**RECORD SET:**
★ ★ ★

(* Let $q\ge2$ be a prime power, let $2\le k<n$, and let $D$ be a $(k-1)$-$(n,k,1)_q$-design. Let $C$ be the set of all $(k+1)$-dimensional subspaces $U$ of $\mathbb{F}_q^n$ such that no element of $D$ is contained in $U$. If $C$ and its complement in the vertex set of $J_q(n,k+1)$ are both nonempty, then $C$ is a completely regular code in the Grassmann graph $J_q(n,k+1)$ with covering radius $1$.
   Context: The Grassmann graph $J_q(n,k)$ has as vertices the $k$-dimensional subspaces of $\mathbb{F}_q^n$, adjacent iff they meet in a $(k-1)$-dimensional subspace. A $t$-$(n,k,\lambda)_q$-design is a set $D$ of $k$-dimensional subspaces of $\mathbb{F}_q^n$ (without repetition) such that every $t$-dimensional subspace of $\mathbb{F}_q^n$ is contained in exactly $\lambda$ elements of $D$. A nonempty vertex set $C$ of a regular graph is a completely regular code with covering radius $1$ if every vertex is in $C$ or adjacent to $C$, not all vertices are in $C$, and there are numbers $\beta_0,\gamma_1$ such that every vertex of $C$ has exactly $\beta_0$ neighbours outside $C$ and every vertex outside $C$ has exactly $\gamma_1$ neighbours in $C$. *)

From HB Require Import structures.
From mathcomp Require Import all_boot all_order all_algebra.
Unset Printing Implicit Defensive.
Import GRing.Theory.
Local Open Scope ring_scope.

Import VectorInternalTheory.
Section SubspaceFinite.
Variables (F : finFieldType) (n : nat).
HB.instance Definition _ := [Countable of {vspace 'rV[F]_n} by <:].
HB.instance Definition _ := [Finite of {vspace 'rV[F]_n} by <:].
End SubspaceFinite.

★ ★ ★

**PROBLEM DETAILS:** Extract every line from the one with "Import GRing.Theory." down to the final line above, both included, exactly as written.

**REPLY TO THE TASK:**
Import GRing.Theory.
Local Open Scope ring_scope.

Import VectorInternalTheory.
Section SubspaceFinite.
Variables (F : finFieldType) (n : nat).
HB.instance Definition _ := [Countable of {vspace 'rV[F]_n} by <:].
HB.instance Definition _ := [Finite of {vspace 'rV[F]_n} by <:].
End SubspaceFinite.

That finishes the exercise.